4. Pelaksanaan wasiat yang ditujukan kepada selain ahli waris dengan nominal yang tidak lebih dari 1/3 harta waris. Namun jika semua ahli waris sepakat/ridha terhadap wasiat yang ditujukan kepada salah satu dari ahli waris atau jumlah nominalnya melebihi 1/3 dari harta yang diwaris, maka wasiat tersebut sah dan bisa dilaksanakan. (Untuk lebih rincinya, lihat Tashilul Faraidh, hal. 11-17)
Demikianlah empat perkara yang harus didahulukan sebelum pembagian harta waris. Jika empat perkara tersebut telah diselesaikan dengan baik, maka tibalah saatnya pembagian harta waris sesuai dengan yang dibimbingkan Allah l dan Rasul-Nya n.

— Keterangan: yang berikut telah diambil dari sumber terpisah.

(* Let $m,n\ge 1$ and let $\lambda\subseteq\nu$ be partitions contained in the rectangle $(n-1)^{m-1}$. Then $\mathrm{PASM}(\nu/\lambda,m,n)$ is exactly the set of real $m\times n$ matrices $X=(X_{ij})$ satisfying all of the following: (1) $0\le \sum_{i'=1}^{i} X_{i'j}\le 1$ for all $1\le i\le m$, $1\le j\le n$; (2) $0\le \sum_{j'=1}^{j} X_{ij'}\le 1$ for all $1\le i\le m$, $1\le j\le n$; (3) $\sum_{i=1}^{m} X_{i1}=1$ and $\sum_{j=1}^{n} X_{1j}=1$; (4) $\sum_{j=1}^{n} X_{ij}=0$ for $2\le i\le m$, and $\sum_{i=1}^{m} X_{ij}=0$ for $2\le j\le n$; (5) $X_{ij}=0$ whenever $j\le\lambda_i$; (6) $X_{ij}=0$ whenever $i>1$ and $\nu_{i-1}+1<j\le n$, and $X_{1j}=0$ whenever $\nu_1+1<j\le n$.
   Context: A partition $\mu=(\mu_1\ge\mu_2\ge\cdots)$ is a weakly decreasing sequence of nonnegative integers with finitely many nonzero terms; $\ell(\mu)$ denotes its number of positive parts. We identify $\mu$ with the set of matrix positions $\{(i,j): i\ge1,\ 1\le j\le\mu_i\}$. We write $\mu\subseteq\nu$ if $\mu_i\le\nu_i$ for all $i$, and $\mu\subseteq a^b$ (the $b\times a$ rectangle) if $\ell(\mu)\le b$ and $\mu_1\le a$. For a partition $\mu\subseteq(n-1)^{m-1}$, the $m\times n$ matrix $M^\mu=M^\mu(m,n)$ has entries: $M^\mu_{1,\mu_1+1}=1$; for each $1\le k\le m-1$ with $\mu_k>\mu_{k+1}$, $M^\mu_{k+1,\mu_{k+1}+1}=1$ and $M^\mu_{k+1,\mu_k+1}=-1$; all other entries are $0$. For partitions $\lambda\subseteq\nu\subseteq(n-1)^{m-1}$, $\mathrm{PASM}(\nu/\lambda,m,n)$ is the convex hull in $\mathbb{R}^{mn}$ of the matrices $M^\mu(m,n)$ over all partitions $\mu$ with $\lambda\subseteq\mu\subseteq\nu$. *)

From HB Require Import structures.
From mathcomp Require Import all_boot all_order all_algebra.
From mathcomp Require Import reals.
Set Implicit Arguments. Unset Strict Implicit. Unset Printing Implicit Defensive.
Import Order.TTheory GRing.Theory Num.Theory.
Local Open Scope ring_scope.

(* Partitions are represented 0-indexed: mu : nat -> nat with  mu i = mu_{i+1}. *)
Definition is_partition (mu : nat -> nat) : Prop :=
  (forall i, (mu i.+1 <= mu i)%N) /\ exists N, forall i, (N <= i)%N -> mu i = 0%N.

Definition part_sub (mu nu : nat -> nat) : Prop := forall i, (mu i <= nu i)%N.

(* mu \subseteq a^b  (b x a rectangle): l(mu) <= b and mu_1 <= a *)
Definition in_rect (a b : nat) (mu : nat -> nat) : Prop :=
  (forall i, (b <= i)%N -> mu i = 0%N) /\ (mu 0 <= a)%N.

(* The matrix M^mu(m,n), 0-indexed: row 0 has a 1 in column mu_1 (0-indexed);
   for k >= 1 (0-indexed row k = paper's row k+1), if mu_k > mu_{k+1}
   (i.e. mu (k-1) > mu k) then entry (k, mu k) is 1 and entry (k, mu (k-1)) is -1. *)
Definition Mmu (R : pzRingType) (m n : nat) (mu : nat -> nat) : 'M[R]_(m, n) :=
  \matrix_(i < m, j < n)
    if (i : nat) == 0%N then ((j : nat) == mu 0%N)%:R
    else if (mu i.-1 > mu i)%N
         then ((j : nat) == mu i)%:R - ((j : nat) == mu i.-1)%:R
         else 0.

Definition conv_hull (R : realType) (V : lmodType R) (S : V -> Prop) (x : V) : Prop :=
  exists (k : nat) (w : 'I_k -> R) (p : 'I_k -> V),
    [/\ forall t, 0 <= w t, \sum_t w t = 1, forall t, S (p t)
      & x = \sum_t w t *: p t].

Definition PASM (R : realType) (lam nu : nat -> nat) (m n : nat) : 'M[R]_(m, n) -> Prop :=
  conv_hull (fun X : 'M[R]_(m, n) =>
    exists mu, [/\ is_partition mu, part_sub lam mu, part_sub mu nu & X = Mmu R m n mu]).

Definition PASM_ineq (R : realType) (lam nu : nat -> nat) (m n : nat)
    (X : 'M[R]_(m, n)) : Prop :=
      (forall (i : 'I_m) (j : 'I_n),
        0 <= \sum_(i' < m | (i' <= i)%N) X i' j <= 1) /\
      (forall (i : 'I_m) (j : 'I_n),
        0 <= \sum_(j' < n | (j' <= j)%N) X i j' <= 1) /\
      ((forall j : 'I_n, (j : nat) = 0%N -> \sum_(i < m) X i j = 1) /\
      (forall i : 'I_m, (i : nat) = 0%N -> \sum_(j < n) X i j = 1)) /\
      ((forall i : 'I_m, (0 < i)%N -> \sum_(j < n) X i j = 0) /\
      (forall j : 'I_n, (0 < j)%N -> \sum_(i < m) X i j = 0)) /\
      (* (5) X_{ij} = 0 when j <= lambda_i (1-indexed) *)
      (forall (i : 'I_m) (j : 'I_n), (j < lam i)%N -> X i j = 0) /\
      (* (6) X_{ij} = 0 when i > 1 and nu_{i-1}+1 < j; X_{1j} = 0 when nu_1+1 < j *)
      ((forall (i : 'I_m) (j : 'I_n), (0 < i)%N -> (nu i.-1 < j)%N -> X i j = 0) /\
      (forall (i : 'I_m) (j : 'I_n), (i : nat) = 0%N -> (nu 0%N < j)%N -> X i j = 0)).

(* Let C be the matrix of column partial sums of X. Conditions (3) and (4) say
   that every row of C sums to 1, (1) that its entries lie in [0, 1], and (2)
   that the cumulative row sums of C increase weakly from one row to the next;
   for X = M^mu, row i of C is the indicator of column mu_i. So the vertices
   satisfy (1)-(6), and these conditions are preserved by convex combinations.
   Conversely, given X satisfying (1)-(6), let mu_i be the first column in
   which row i of C is positive: (2) makes mu a partition and (5), (6) put it
   between lambda and nu. If t is the least of the entries C_(i, mu_i), then
   either t = 1 and X = M^mu, or (X - t M^mu) / (1 - t) again satisfies
   (1)-(6) and has fewer nonzero entries in its C; induction on that number
   writes X as a convex combination of the M^mu. *)

From HB Require Import structures.
From mathcomp Require Import all_boot all_order all_algebra.
From mathcomp Require Import reals.
From mathcomp Require Import zify lra.
Set Implicit Arguments. Unset Strict Implicit. Unset Printing Implicit Defensive.
Import Order.TTheory GRing.Theory Num.Theory.
Local Open Scope ring_scope.

Section NumSums.
Variable R : numDomainType.
Implicit Types f : nat -> R.

Lemma sum_nat_indicator N a : \sum_(0 <= k < N) ((k == a)%:R : R) = (a < N)%:R.
Proof.
elim: N => [|N IH]; first by rewrite big_geq.
rewrite big_nat_recr //= IH ltnS.
by case: (ltngtP a N) => _; rewrite /= ?addr0 ?add0r.
Qed.

Lemma ler_sum_nat_prefix f j N : (forall k, (k < N)%N -> 0 <= f k) -> (j <= N)%N ->
  \sum_(0 <= k < j) f k <= \sum_(0 <= k < N) f k.
Proof.
move=> f0 jN; rewrite [leRHS](big_cat_nat _ (n := j)) //= lerDl big_seq sumr_ge0 // => k.
by rewrite mem_index_iota => /andP[_ /f0].
Qed.

Lemma ler_sum_nat_term f N a : (forall k, (k < N)%N -> 0 <= f k) -> (a < N)%N ->
  f a <= \sum_(0 <= k < N) f k.
Proof.
move=> f0 aN; rewrite (bigD1_seq a) ?mem_index_iota ?iota_uniq //= lerDl.
by rewrite big_seq_cond sumr_ge0 // => k /andP[]; rewrite mem_index_iota => /andP[_ /f0].
Qed.

Lemma ler_sum_nat_pair f N a b : (forall k, (k < N)%N -> 0 <= f k) ->
  (a < N)%N -> (b < N)%N -> a != b -> f a + f b <= \sum_(0 <= k < N) f k.
Proof.
move=> f0 aN bN ab; rewrite big_mkord (bigD1 (Ordinal aN)) //= (bigD1 (Ordinal bN)) /=.
  by rewrite addrA lerDl sumr_ge0 // => k _; apply: f0.
by rewrite -val_eqE /= eq_sym.
Qed.

Lemma sum_ord_prefix k (F : nat -> R) i : (i < k)%N ->
  \sum_(l < k | (l <= i)%N) F l = \sum_(0 <= l < i.+1) F l.
Proof. by move=> ik; rewrite (big_nat_widen 0 i.+1 k) // -(big_mkord (fun l => (l <= i)%N)). Qed.

Lemma sum_affine (s t : R) (f g : nat -> R) a b :
  \sum_(a <= k < b) s * (f k - t * g k) =
  s * (\sum_(a <= k < b) f k - t * \sum_(a <= k < b) g k).
Proof. by rewrite -mulr_sumr sumrB -mulr_sumr. Qed.

Lemma exchange_weighted_sum k (w : 'I_k -> R) (F : 'I_k -> nat -> R) a b :
  \sum_(a <= q < b) \sum_t w t * F t q = \sum_t w t * \sum_(a <= q < b) F t q.
Proof. by rewrite exchange_big; apply: eq_bigr => t _; rewrite mulr_sumr. Qed.

Lemma convex_comb_in01 k (w v : 'I_k -> R) :
  (forall t, 0 <= w t) -> \sum_t w t = 1 -> (forall t, 0 <= v t <= 1) ->
  0 <= \sum_t w t * v t <= 1.
Proof.
move=> w0 w1 v01; apply/andP; split.
  by rewrite sumr_ge0 // => t _; case/andP: (v01 t) => v0 _; rewrite mulr_ge0.
rewrite -w1 ler_sum // => t _; case/andP: (v01 t) => _ v1.
by rewrite -[leRHS]mulr1 ler_wpM2l.
Qed.

Lemma affine_comb_const k (w v : 'I_k -> R) c :
  \sum_t w t = 1 -> (forall t, v t = c) -> \sum_t w t * v t = c.
Proof. by move=> w1 vc; under eq_bigr do rewrite vc; rewrite -mulr_suml w1 mul1r. Qed.

End NumSums.

Section ConvexHull.
Variables (R : realType) (V : lmodType R) (S : V -> Prop).

Lemma conv_hull_mem x : S x -> conv_hull S x.
Proof.
move=> Sx; exists 1%N, (fun _ => 1), (fun _ => x).
by split=> //; rewrite ?big_ord1 ?scale1r.
Qed.

Lemma conv_hull_mix x y t : S x -> conv_hull S y -> 0 <= t <= 1 ->
  conv_hull S (t *: x + (1 - t) *: y).
Proof.
move=> Sx [k [w [p [w0 w1 Sp ->]]]] /andP[t0 t1].
exists k.+1, (fun q => if unlift ord0 q is Some q' then (1 - t) * w q' else t),
  (fun q => if unlift ord0 q is Some q' then p q' else x).
split.
- by move=> q; case: (unlift ord0 q) => [q'|] //; rewrite mulr_ge0 ?subr_ge0.
- rewrite big_ord_recl unlift_none; under eq_bigr do rewrite liftK.
  by rewrite -mulr_sumr w1 mulr1 addrC subrK.
- by move=> q; case: (unlift ord0 q).
- rewrite big_ord_recl unlift_none; under [in RHS]eq_bigr do rewrite liftK.
  by rewrite scaler_sumr; congr (_ + _); apply: eq_bigr => q _; rewrite scalerA.
Qed.

End ConvexHull.

Lemma partition_nonincr mu i k : is_partition mu -> (i <= k)%N -> (mu k <= mu i)%N.
Proof.
move=> [mu_dec _] /subnK <-; elim: (k - i)%N => // d IH.
by rewrite addSn; exact: leq_trans (mu_dec _) IH.
Qed.

Section PASMDescription.
Variables (R : realType) (m n : nat) (lam nu : nat -> nat).
Hypotheses (m_gt0 : (0 < m)%N) (n_gt0 : (0 < n)%N).
Hypotheses (lam_part : is_partition lam) (nu_part : is_partition nu).
Hypotheses (lam_rect : in_rect n.-1 m.-1 lam) (nu_rect : in_rect n.-1 m.-1 nu).
Implicit Types (x y : nat -> nat -> R) (mu : nat -> nat).

Definition csum x i j := \sum_(0 <= k < i.+1) x k j.
Definition rsum x i j := \sum_(0 <= k < j.+1) x i k.
Definition crsum x i j := rsum (csum x) i j.

Record pasm_eqs x : Prop := PasmEqs {
  col0_sum1 : \sum_(0 <= i < m) x i 0%N = 1;
  row0_sum1 : \sum_(0 <= j < n) x 0%N j = 1;
  row_sum0 : forall i, (0 < i)%N -> (i < m)%N -> \sum_(0 <= j < n) x i j = 0;
  col_sum0 : forall j, (0 < j)%N -> (j < n)%N -> \sum_(0 <= i < m) x i j = 0;
  below_lam0 : forall i j, (i < m)%N -> (j < n)%N -> (j < lam i)%N -> x i j = 0;
  beyond_nu0 : forall i j, (0 < i)%N -> (i < m)%N -> (j < n)%N ->
    (nu i.-1 < j)%N -> x i j = 0;
  row0_beyond_nu0 : forall j, (j < n)%N -> (nu 0 < j)%N -> x 0%N j = 0 }.

(* Conditions (1)-(6) for arrays indexed by [nat], so that neighbouring rows are
   easy to compare; entries outside the [m] by [n] box are unconstrained. *)
Record pasm_cond x : Prop := PasmCond {
  csum_in01 : forall i j, (i < m)%N -> (j < n)%N -> 0 <= csum x i j <= 1;
  rsum_in01 : forall i j, (i < m)%N -> (j < n)%N -> 0 <= rsum x i j <= 1;
  pasm_eqsP : pasm_eqs x }.

Lemma csum0 x j : csum x 0 j = x 0%N j.
Proof. exact: big_nat1. Qed.

Lemma csumS x i j : csum x i.+1 j = csum x i j + x i.+1 j.
Proof. exact: big_nat_recr. Qed.

Lemma sum_col_csum x j : \sum_(0 <= i < m) x i j = csum x m.-1 j.
Proof. by rewrite /csum prednK. Qed.

Lemma sum_row_rsum x i : \sum_(0 <= j < n) x i j = rsum x i n.-1.
Proof. by rewrite /rsum prednK. Qed.

Lemma rsum_crsum0 x j : rsum x 0 j = crsum x 0 j.
Proof. by apply: eq_bigr => k _; rewrite csum0. Qed.

Lemma rsum_crsumS x i j : rsum x i.+1 j = crsum x i.+1 j - crsum x i j.
Proof. by rewrite -sumrB; apply: eq_bigr => k _; rewrite csumS addrAC subrr add0r. Qed.

(* Row partial sums are differences of consecutive rows of [crsum]: condition (2)
   holds as soon as [crsum] lies in [0, 1] and increases weakly down each column. *)
Lemma rsum_in01_of_crsum x :
  (forall i j, (i < m)%N -> (j < n)%N -> 0 <= crsum x i j <= 1) ->
  (forall i j, (i.+1 < m)%N -> (j < n)%N -> crsum x i j <= crsum x i.+1 j) ->
  forall i j, (i < m)%N -> (j < n)%N -> 0 <= rsum x i j <= 1.
Proof.
move=> D01 Dmono [|i] j im jn; first by rewrite rsum_crsum0 D01.
have /andP[Di0 _] := D01 i j (ltnW im) jn; have /andP[_ DS1] := D01 _ _ im jn.
by rewrite rsum_crsumS subr_ge0 Dmono //=; lra.
Qed.

Definition box_eq x y := forall i j, (i < m)%N -> (j < n)%N -> x i j = y i j.

Lemma csum_box_eq x y : box_eq x y -> box_eq (csum x) (csum y).
Proof. by move=> e i j im jn; apply: eq_big_nat => k /andP[_ ki]; apply: e => //; lia. Qed.

Lemma rsum_box_eq x y : box_eq x y -> box_eq (rsum x) (rsum y).
Proof. by move=> e i j im jn; apply: eq_big_nat => k /andP[_ kj]; apply: e => //; lia. Qed.

Lemma box_eq_of_csum x y : box_eq (csum x) (csum y) -> box_eq x y.
Proof.
move=> e [|i] j im jn; first by rewrite -csum0 e // csum0.
by apply: (@addrI _ (csum x i j)); rewrite -csumS e // (e i) ?csumS //; lia.
Qed.

Lemma pasm_eqs_box_eq x y : box_eq x y -> pasm_eqs x -> pasm_eqs y.
Proof.
move=> e [c0 r0 rs cs bl bn bn0].
have col j : (j < n)%N -> \sum_(0 <= i < m) x i j = \sum_(0 <= i < m) y i j.
  by move=> jn; apply: eq_big_nat => i /andP[_ im]; apply: e.
have row i : (i < m)%N -> \sum_(0 <= j < n) x i j = \sum_(0 <= j < n) y i j.
  by move=> im; apply: eq_big_nat => j /andP[_ jn]; apply: e.
split.
- by rewrite -col.
- by rewrite -row.
- by move=> i i0 im; rewrite -row // rs.
- by move=> j j0 jn; rewrite -col // cs.
- by move=> i j im jn jl; rewrite -e // bl.
- by move=> i j i0 im jn jl; rewrite -e // bn.
- by move=> j jn jl; rewrite -e // bn0.
Qed.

1Lihat Al-Fawa’idul Jaliyyah Fil Mabahits Al-Faradhiyyah, hal. 26, program Al-Maktabah Asy-Syamilah II.
2 Dikecualikan darinya pembunuhan bil haq (dengan cara yang dibenarkan secara syar’i), misalnya seorang eksekutor yang ditugasi waliyul amr (pemerintah) untuk mengeksekusi seorang pembunuh sebagai bentuk qishash (balasan bunuh) baginya, seseorang yang membela diri hingga mengakibatkan terbunuhnya si pelaku aniaya tersebut, dll.
3 Contohnya seseorang memukul orang lain dengan menggunakan sandal, kemudian mati. Disebut semi sengaja karena di satu sisi sengaja memukul orang tersebut, namun di sisi lain tidak berniat untuk membunuhnya.
4 Contohnya seseorang membidikkan tembakan ke arah rusa, namun ternyata tembakan tersebut justru mengenai orang yang kebetulan sedang melintas di jalan tidak jauh dari rusa tersebut, hingga mati. Disebut keliru karena tidak ada niatan untuk membunuhnya dan tidak ada upaya sama sekali untuk melakukan sesuatu terhadap orang tersebut.
5 Masalah ‘aul adalah masalah berlebihnya jumlah jatah/saham ahli waris di atas jumlah ashlul mas’alah (pokok masalah), saat proses penghitungan.
6 Pembagian harta waris ini tentunya dengan melalui proses penghitungan tertentu, sebagaimana yang dirinci dalam ilmu al-faraidh.